Steve, you've been here since kind of the beginning of this evolution in cell therapy, right, from the autologous to the allogeneic to the in vivo as where we are today. And the optimization efforts that have played out here with the technologies with delivery have extended, I think, as we've gone on over time. So when you look at in vivo, how long do you think it's going to be to kind of optimize for that perfected ability to deliver in patients?

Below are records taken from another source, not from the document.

Lemma epsv_shift (y : vec F) : epsv d (fun k => y (k + d%:Z)) = y.
Proof. by apply: functional_extensionality => k; rewrite /epsv subrK. Qed.

(* Each period [L_(i-n) = eps L_i] moves the support up by [d] coordinates. *)
Lemma chain_shrink L N : (0 < d)%N -> is_chain n d L -> exists r, subS (L r) (tail N).
Proof.
move=> d_gt0 [latL [_ Lper]]; case: (latL 0) => _ [_ [M [_ LM]]].
have Ldown (t : nat) : subS (L (- (t%:Z * n%:Z))) (tail (- M + t%:Z * d%:Z)).
  elim: t => [|t IH]; first by move=> x; rewrite mul0r oppr0 mul0r addr0; apply: LM.
  move=> y Ly.
  have Lx : L (- (t%:Z * n%:Z)) (fun k => y (k + d%:Z)).
    have := (Lper (- (t.+1%:Z * n%:Z)) (fun k => y (k + d%:Z))).2.
    rewrite epsv_shift => /(_ Ly).
    by rewrite (_ : - (t.+1%:Z * n%:Z) + n%:Z = - (t%:Z * n%:Z)) // intS; ring.
  move=> k lt_k; have := IH _ Lx (k - d%:Z); rewrite subrK; apply.
  by move: lt_k; rewrite intS mulrDl mul1r; lia.
exists (- ((absz (N + M))%:Z * n%:Z)) => x /Ldown Lx; apply: tail_mono Lx.
have : 1 <= d%:Z by rewrite lez_nat.
nia.
Qed.

Lemma chain_grow L N : (0 < d)%N -> is_chain n d L -> exists s, subS (tail N) (L s).
Proof.
move=> d_gt0 [latL [_ Lper]]; case: (latL 0) => _ [_ [M [ML _]]].
have Lup (t : nat) : subS (tail (M - t%:Z * d%:Z)) (L (t%:Z * n%:Z)).
  elim: t => [|t IH]; first by move=> x; rewrite !mul0r subr0; apply: ML.
  move=> z tz; have := (Lper (t%:Z * n%:Z) z).2.
  rewrite (_ : t%:Z * n%:Z + n%:Z = t.+1%:Z * n%:Z); last by rewrite intS; ring.
  apply; apply: IH => k lt_k; apply: tz.
  by move: lt_k; rewrite intS mulrDl mul1r; lia.
exists ((absz (M - N))%:Z * n%:Z) => x tx; apply: Lup; apply: tail_mono tx.
have : 1 <= d%:Z by rewrite lez_nat.
nia.
Qed.

Lemma chain_below L L' i : (0 < d)%N -> is_chain n d L -> is_chain n d L' ->
  exists N : nat, subS (L (i - N%:Z)) (L' i).
Proof.
move=> d_gt0 CL CL'; have [M [ML' _]] := chain_bounds i CL'.
have [r Lr] := chain_shrink M d_gt0 CL.
exists (absz (i - r)) => x Lx; apply/ML'/Lr; apply: chain_mono Lx => //; lia.
Qed.

Lemma chain_above L L' i : (0 < d)%N -> is_chain n d L -> is_chain n d L' ->
  exists N : nat, subS (L i) (L' (i + N%:Z)).
Proof.
move=> d_gt0 CL CL'; have [M [_ LM]] := chain_bounds i CL.
have [s L's] := chain_grow (- M) d_gt0 CL'.
exists (absz (s - i)) => x /LM /L's; apply: chain_mono => //; lia.
Qed.

Lemma relpos_eq0 L L' (X : zmat) r s : is_chain n d L -> is_chain n d L' ->
  relpos L L' X -> subS (L r) (L' (s - 1)) -> X r s = 0%N.
Proof.
move=> CL CL' posX sub_rs.
have SY := addS_subspace (chain_capS_subspace (r - 1) s CL CL') (chain_capS_subspace r (s - 1) CL CL').
apply: (qdim_unique SY (posX r s)); apply: qdim0 => // x [Lx L'x].
exists (fun _ => 0), x; split; first exact: subsp0 (chain_capS_subspace _ _ CL CL').
by split; [split => //; apply: sub_rs | move=> k; rewrite add0r].
Qed.

Lemma relpos_tr L L' (X : zmat) : relpos L L' X -> relpos L' L (fun r s => X s r).
Proof.
move=> posX r s; apply: qdim_eqS (posX s r); first by move=> x; split; case.
by move=> x; split=> -[y [z [[? ?] [[? ?] E]]]];
  exists z, y; do 2?split => //; move=> k; rewrite E addrC.
Qed.

Section Relpos.
Variables (L L' : chain F) (X : zmat).
Hypotheses (CL : is_chain n d L) (CL' : is_chain n d L') (posX : relpos L L' X).

Let SC := fun i j => chain_capS_subspace i j CL CL'.

(* By the modular law, the quotient defining [X (r + 1) s] is also a step of
   the filtration of [L_i :&: L'_s] by the [L_r :&: L'_s + L_i :&: L'_(s-1)]. *)
Lemma relpos_step r i s : r + 1 <= i ->
  qdim (addS (capS (L (r + 1)) (L' s)) (capS (L i) (L' (s - 1))))
       (addS (capS (L r) (L' s)) (capS (L i) (L' (s - 1)))) (X (r + 1) s).
Proof.
move=> le_ri.
have Lr1 : subS (L r) (L (r + 1)) by apply: chain_mono => //; lia.
have L's1 : subS (L' (s - 1)) (L' s) by apply: chain_mono => //; lia.
have sYX : subS (addS (capS (L r) (L' s)) (capS (L (r + 1)) (L' (s - 1))))
                (capS (L (r + 1)) (L' s)).
  move=> x [y [z [[Ly L'y] [[Lz L'z] E]]]]; split.
    by apply: subsp_ext (subspD (chain_subspace _ CL) (Lr1 _ Ly) Lz) _ => k; rewrite E.
  by apply: subsp_ext (subspD (chain_subspace _ CL') L'y (L's1 _ L'z)) _ => k; rewrite E.
have sXZY : subS (capS (capS (L (r + 1)) (L' s)) (capS (L i) (L' (s - 1))))
                 (addS (capS (L r) (L' s)) (capS (L (r + 1)) (L' (s - 1)))).
  move=> x [[Lx _] [_ L'x]]; exists (fun _ => 0), x; split; first exact: subsp0 (SC _ _).
  by split; [split | move=> k; rewrite add0r].
have := posX (r + 1) s; rewrite addrK => posXrs.
have := qdim_addS (SC _ s) (addS_subspace (SC _ _) (SC _ _)) (SC i (s - 1)) sYX sXZY posXrs.
apply: qdim_eqS => //; apply: addSA_absorb (SC _ _) (SC _ _) _.
by apply: capS_mono => //; apply: chain_mono.
Qed.

Lemma relpos_column R N s : subS (L R) (L' (s - 1)) ->
  qdim (capS (L (R + N%:Z)) (L' s)) (capS (L (R + N%:Z)) (L' (s - 1)))
       (\sum_(k < N) X (R + k%:Z + 1)%R s).
Proof.
move=> sub_Rs; set i := R + N%:Z.
pose G (k : nat) := addS (capS (L (R + k%:Z)) (L' s)) (capS (L i) (L' (s - 1))).
have SG k : is_subspace (G k) by apply: addS_subspace.
have sG k : subS (G k) (G k.+1).
  by apply: addS_monol; apply: capS_mono => //; apply: chain_mono => //; lia.
have step k : (k < N)%N -> qdim (G k.+1) (G k) (X (R + k%:Z + 1) s).
  move=> lt_kN; rewrite /G (_ : R + k.+1%:Z = R + k%:Z + 1); last lia.
  by apply: relpos_step; rewrite /i; lia.
apply: qdim_eqS (qdim_filtration SG sG step).
  rewrite /G -/i; apply: addS_idPl; [exact: SC | exact: SC |].
  by apply: capS_mono => //; apply: chain_mono => //; lia.
rewrite /G addr0; apply: addS_idPr; [exact: SC | exact: SC | move=> x [Lx _]; split].
  by apply: chain_mono Lx => //; rewrite /i; lia.
by apply: chain_mono (sub_Rs _ Lx) => //; lia.
Qed.

Lemma relpos_block i Nr Ns :
  subS (L (i - Nr%:Z)) (L' i) -> subS (L i) (L' (i + Ns%:Z)) ->
  qdim (L i) (capS (L i) (L' i))
       (\sum_(t < Ns) \sum_(k < Nr) X (i - Nr%:Z + k%:Z + 1)%R (i + t%:Z + 1)%R).
Proof.
move=> below above.
pose H (t : nat) := capS (L i) (L' (i + t%:Z)).
have SH t : is_subspace (H t) by apply: SC.
have sH t : subS (H t) (H t.+1) by apply: capS_mono => //; apply: chain_mono => //; lia.
have step t : (t < Ns)%N ->
    qdim (H t.+1) (H t) (\sum_(k < Nr) X (i - Nr%:Z + k%:Z + 1)%R (i + t%:Z + 1)%R).
  move=> _; have := @relpos_column (i - Nr%:Z) Nr (i + t%:Z + 1).
  rewrite /H addrK (_ : i - Nr%:Z + Nr%:Z = i); last lia.
  rewrite (_ : i + t.+1%:Z = i + t%:Z + 1); last lia.
  by apply=> x /below; apply: chain_mono => //; lia.
apply: qdim_eqS (qdim_filtration SH sH step); last by rewrite /H addr0.
by move=> x; split=> [[]|Lx] //; split => //; apply: above.
Qed.

End Relpos.

End Chains.

Definition possum (X : zmat) (i : int) (W : nat) : int :=
  \sum_(r <- win W) \sum_(s <- win W) (if (r <= i) && (i < s) then (X r s)%:Z else 0).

I don't know what you mean by optimize. I presume -- I mean, I'm astounded by the fact that in 1995 or so, there is the discovery of the first really powerful B-cell depleting agent, which was Rituxan, right? And we're still sitting here 30 years later, 30-plus years later, talking about better B-cell depleters, right? So I don't know if I'm perfected, but I do think that we're at a place now where they are more than adequate to drive safety and efficacy in a simplified regimen for patients. So I think the key elements in moving forward are, one, mass deliverability, right, ease of use, off the shelf like a drug that physicians, payers and patients are used to. Number two, if we can get rid of this chemotherapy, right? It's -- you always hear about CAR-T toxicities. They never tell -- you have to actually read through the labels. It actually took me a while at a CAR-T company to figure out how frequently we were causing things like severe infections and other things, right? And so you want to get rid of the chemotherapy. The third is it needs to have a -- it needs to be curative, right? I think there's something magical that happens when a person who has been kind of near death doorstep is cured of a disease. And so making people live longer is helpful. Actually, having the privilege of uttering the word cure is super important. It needs to happen at least in 1/3 to 50% of people. It's not competitive with current technologies. So I think those are all of the -- and then you can't be adding significant new toxicity. There is -- with these in vivo CAR T cells, there's been the emergence of kind of a new toxicity, which is a peri-infusion cardiovascular collapse, right, we can call that. And I think that's been increasingly managed with a single dose of relatively high-dose steroids, right? I'm optimistic that our mechanism will allow us to either get around that or have a lot less of that. But you never know until you get into humans. But when you get into single treatments with very limited toxicity, like a few days of fever kind of thing, leading to cures of very deadly diseases and very prevalent diseases that are very -- in the autoimmune setting, it's going to be transformative, and they're going to have a very important place across a number of different indications.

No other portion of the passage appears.